Toute la deuxième partie du film est essentiellement procédurale (les plaignants / le juge, l'accusé / le juge, les témoins / le juge) genre que -je ne sais pourquoi- j'affectionne particulièrement, sauf qu'ici, on n'est pas dans La défense Lincoln (le système judiciaire iranien semble plus rustique -on peut s'en remettre au juge mais il semble aussi qu'on peut se mettre d'accord directement pour retirer sa plainte contre un tas de pépettes),et, spectateur, on se sent d'emblée à l'étroit, mal à l'aise, dans cette pièce minuscule remplie de tant de gens (dont certains font tant de bruit...). Car le réalisateur affectionne visiblement les intérieurs, les huis-clos, les espaces réduits, sans tomber dans la théâtralisation, tant il reste près de ses personnages, simplement, à l'affût de chaque frémissement, de chaque réaction.

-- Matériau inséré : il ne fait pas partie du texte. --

(* Let $A$ be a finite abelian group with Pontryagin dual $\hat A$, and let $\mu,\nu$ be probability measures on $A$ and $\hat A$ respectively. Let $(\mathcal{M},\tau)$ be a von Neumann algebra with a normal faithful tracial state and $U:A\to\mathcal{U}(\mathcal{M})$, $V:\hat A\to\mathcal{U}(\mathcal{M})$ group homomorphisms satisfying \[\int\|U(a)V(\chi)-\chi(a)V(\chi)U(a)\|_2^2\,d\mu(a)\,d\nu(\chi)\leq\varepsilon.\] Then \[\mathbf{E}_{a\in A,\chi\in\hat A}\|U(a)V(\chi)-\chi(a)V(\chi)U(a)\|_2^2\leq\kappa(\mu)\kappa(\nu)\varepsilon.\]
   Context: $\hat A$ is the group of characters (homomorphisms $A\to\{z\in\mathbf{C}:|z|=1\}$). $\|x\|_2=\tau(x^*x)^{1/2}$, $\mathbf{E}$ is the uniform average. For a probability measure $\mu$ on a finite group $G$, $\kappa(\mu)\in[0,+\infty]$ is the smallest constant $\kappa$ such that for every unitary representation $(\pi,\mathcal{H})$ of $G$ and every $\xi$, $\|\xi-P_{\mathcal{H}^\pi}\xi\|^2\leq\frac\kappa2\int\|\pi(g)\xi-\xi\|^2d\mu(g)$, with $P_{\mathcal{H}^\pi}$ the projection onto invariant vectors (if some $\kappa$ is infinite the right side is $+\infty$). *)

From mathcomp Require Import all_boot all_order all_algebra all_fingroup.
From mathcomp Require Import all_classical all_reals.
From mathcomp Require Import ereal.
From mathcomp Require Import complex.

Set Implicit Arguments.
Unset Strict Implicit.
Unset Printing Implicit Defensive.

Import Order.TTheory GRing.Theory Num.Theory.
Local Open Scope ring_scope.

Section Defs.
Variable R : realType.
Local Notation C := R[i].
Definition Vext (l : nat) (W : nat -> V -> Prop) (k : int) : V -> Prop :=
  if (1 <= k) && (k <= l%:Z) then W `|k|%N else (fun v => v = 0).

Definition graded_rep (l : nat) (W : nat -> V -> Prop) (rho : Lel -> V -> V) : Prop :=
  is_rep rho
  /\ (forall j, (1 <= j <= l)%N -> subspace (W j) /\ exists v, W j v /\ v <> 0)
  /\ (forall v, exists vs : nat -> V,
        (forall j, (1 <= j <= l)%N -> W j (vs j)) /\ v = \sum_(1 <= j < l.+1) vs j)
  /\ (forall vs : nat -> V, (forall j, (1 <= j <= l)%N -> W j (vs j)) ->
        \sum_(1 <= j < l.+1) vs j = 0 -> forall j, (1 <= j <= l)%N -> vs j = 0)
  /\ (forall (i : int) x, homog i x -> forall j v, (1 <= j <= l)%N -> W j v ->
        Vext l W (i + j%:Z) (rho x v)).

End LieConstruction.

From mathcomp Require Import all_boot all_algebra.
From mathcomp Require Import complex Rstruct ring.
From Stdlib Require Import FunctionalExtensionality.
Set Implicit Arguments. Unset Strict Implicit. Unset Printing Implicit Defensive.
Local Open Scope ring_scope.
Import GRing.Theory Num.Theory.

(* In a 2-graded representation V = V_1 (+) V_2 of L(E_3), an element a of
   U_(-1) acts as X_a : V_2 -> V_1, Abar in U_1 as Y : V_1 -> V_2, and
   [Y, X_a] = L_a.  Hence Q_a := -2 Y X_a vanishes on V_1, equals -2 L_a on
   V_2 and satisfies Q_(a o b) = (Q_a Q_b + Q_b Q_a) / 2: it is a special
   representation of E_3.  In a special representation the sandwiches
   Q_(e_i) Q_x Q_(e_j) by the diagonal idempotents multiply like octonion
   matrix units, so the non-associativity of the octonions kills one of them,
   and from there Q_1 = 0.  Thus L_1 = 0 on V_2, and X_a = X_(1 o a) = [L_1, X_a]
   forces X_a = 0. *)

Section LinearFunctions.
Variables (R : pzRingType) (U V : lmodType R) (f : U -> V).
Hypothesis f_lin : linear f.

Lemma linear_fun0 : f 0 = 0.
Proof.
have := f_lin 1 0 0; rewrite !scale1r addr0 => f0D.
by apply: (addrI (f 0)); rewrite addr0 -f0D.
Qed.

Et on ne peut s'empêcher de s'en poser, justement, des questions, et de changer d'opinion régulièrement à propos des personnages (comme je l'ai dit, personne n'est tout à fait blanc, ni tout à fait noir.) Et le réalisateur parvient même à glisser quelques allusions (il ne serait pas forcément facile de vivre en Iran...) en enfonçant encore une fois le clou à propos du poids (et c'est rien de le dire) de la religion, des coutumes et des traditions, qu'elles soient sociales ou familiales, du choc entre entre les différentes classes, et de l'impossiblité, en fin de compte, de régler tout ça parfaitement, en son âme et conscience, se payant le luxe, dans un très beau plan final, de laisser en suspens la question à laquelle tout autre mélodramatiste aurait cru bon de devoir répondre pour que, justement, le spectateur s'en aille un peu rassuré. Ce qu'il ne sera pas.
Du très beau travail, décidément.
Et j'apprend que les deux films précédents d'Ashgar Farhadi ressortent très prochainement en salle (décidément, voici un distributeur et/ou une attachée de presse qui font un boulot du tonnerre!)